DATA TO PROCESS:
%%
(* For every integer $n\ge0$, the Franel number $\sum_{k=0}^n\binom{n}{k}^3$ equals the coefficient of $x_1^nx_2^nx_3^n$ in the Taylor expansion of $$\frac{1}{1-(x_1+x_2+x_3)+4x_1x_2x_3}.$$ Moreover, for $n_1,n_2,n_3\ge0$, the coefficient of $x_1^{n_1}x_2^{n_2}x_3^{n_3}$ in this rational function equals the coefficient of $x_1^{n_1}x_2^{n_2}x_3^{n_3}$ in $(x_1-x_2-x_3)^{n_1}(x_2-x_1-x_3)^{n_2}(x_3-x_1-x_2)^{n_3}$. *)

From HB Require Import structures.
From mathcomp Require Import all_boot all_order all_algebra.
Set Implicit Arguments. Unset Strict Implicit. Unset Printing Implicit Defensive.
Import Order.TTheory GRing.Theory Num.Theory.
Local Open Scope ring_scope.

(* s a b c = coefficient of x1^a x2^b x3^c *)
Definition series3 := nat -> nat -> nat -> int.

Definition smono (e1 e2 e3 : nat) : series3 :=
  fun a b c => if [&& a == e1, b == e2 & c == e3] then 1 else 0.

Definition sone : series3 := smono 0 0 0.
Definition sX1 : series3 := smono 1 0 0.
Definition sX2 : series3 := smono 0 1 0.
Definition sX3 : series3 := smono 0 0 1.

Definition sadd (f g : series3) : series3 := fun a b c => f a b c + g a b c.
Definition sopp (f : series3) : series3 := fun a b c => - f a b c.
Definition ssub (f g : series3) : series3 := sadd f (sopp g).
Definition sscale (r : int) (f : series3) : series3 := fun a b c => r * f a b c.

Definition smul (f g : series3) : series3 := fun a b c =>
  \sum_(i < a.+1) \sum_(j < b.+1) \sum_(k < c.+1)
     f i j k * g (a - i)%N (b - j)%N (c - k)%N.

Definition spow (f : series3) (n : nat) : series3 := iter n (smul f) sone.

Definition denom : series3 :=
  sadd (ssub sone (sadd (sadd sX1 sX2) sX3)) (sscale 4 (smono 1 1 1)).

Definition prodpoly (n1 n2 n3 : nat) : series3 :=
  smul (smul (spow (ssub (ssub sX1 sX2) sX3) n1)
             (spow (ssub (ssub sX2 sX1) sX3) n2))
       (spow (ssub (ssub sX3 sX1) sX2) n3).

Definition franel (n : nat) : nat := (\sum_(k < n.+1) 'C(n, k) ^ 3)%N.

From mathcomp Require Import all_boot all_order all_algebra.
From mathcomp Require Import ring zify.
From Stdlib Require Import FunctionalExtensionality.
Set Implicit Arguments.
Unset Strict Implicit.
Unset Printing Implicit Defensive.
Import GRing.Theory Num.Theory.
Local Open Scope ring_scope.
%%
THE TASK:
Print the material above once more, exactly.

RESPONSE AREA:
(* For every integer $n\ge0$, the Franel number $\sum_{k=0}^n\binom{n}{k}^3$ equals the coefficient of $x_1^nx_2^nx_3^n$ in the Taylor expansion of $$\frac{1}{1-(x_1+x_2+x_3)+4x_1x_2x_3}.$$ Moreover, for $n_1,n_2,n_3\ge0$, the coefficient of $x_1^{n_1}x_2^{n_2}x_3^{n_3}$ in this rational function equals the coefficient of $x_1^{n_1}x_2^{n_2}x_3^{n_3}$ in $(x_1-x_2-x_3)^{n_1}(x_2-x_1-x_3)^{n_2}(x_3-x_1-x_2)^{n_3}$. *)

From HB Require Import structures.
From mathcomp Require Import all_boot all_order all_algebra.
Set Implicit Arguments. Unset Strict Implicit. Unset Printing Implicit Defensive.
Import Order.TTheory GRing.Theory Num.Theory.
Local Open Scope ring_scope.

(* s a b c = coefficient of x1^a x2^b x3^c *)
Definition series3 := nat -> nat -> nat -> int.

Definition smono (e1 e2 e3 : nat) : series3 :=
  fun a b c => if [&& a == e1, b == e2 & c == e3] then 1 else 0.

Definition sone : series3 := smono 0 0 0.
Definition sX1 : series3 := smono 1 0 0.
Definition sX2 : series3 := smono 0 1 0.
Definition sX3 : series3 := smono 0 0 1.

Definition sadd (f g : series3) : series3 := fun a b c => f a b c + g a b c.
Definition sopp (f : series3) : series3 := fun a b c => - f a b c.
Definition ssub (f g : series3) : series3 := sadd f (sopp g).
Definition sscale (r : int) (f : series3) : series3 := fun a b c => r * f a b c.

Definition smul (f g : series3) : series3 := fun a b c =>
  \sum_(i < a.+1) \sum_(j < b.+1) \sum_(k < c.+1)
     f i j k * g (a - i)%N (b - j)%N (c - k)%N.

Definition spow (f : series3) (n : nat) : series3 := iter n (smul f) sone.

Definition denom : series3 :=
  sadd (ssub sone (sadd (sadd sX1 sX2) sX3)) (sscale 4 (smono 1 1 1)).

Definition prodpoly (n1 n2 n3 : nat) : series3 :=
  smul (smul (spow (ssub (ssub sX1 sX2) sX3) n1)
             (spow (ssub (ssub sX2 sX1) sX3) n2))
       (spow (ssub (ssub sX3 sX1) sX2) n3).

Definition franel (n : nat) : nat := (\sum_(k < n.+1) 'C(n, k) ^ 3)%N.

From mathcomp Require Import all_boot all_order all_algebra.
From mathcomp Require Import ring zify.
From Stdlib Require Import FunctionalExtensionality.
Set Implicit Arguments.
Unset Strict Implicit.
Unset Printing Implicit Defensive.
Import GRing.Theory Num.Theory.
Local Open Scope ring_scope.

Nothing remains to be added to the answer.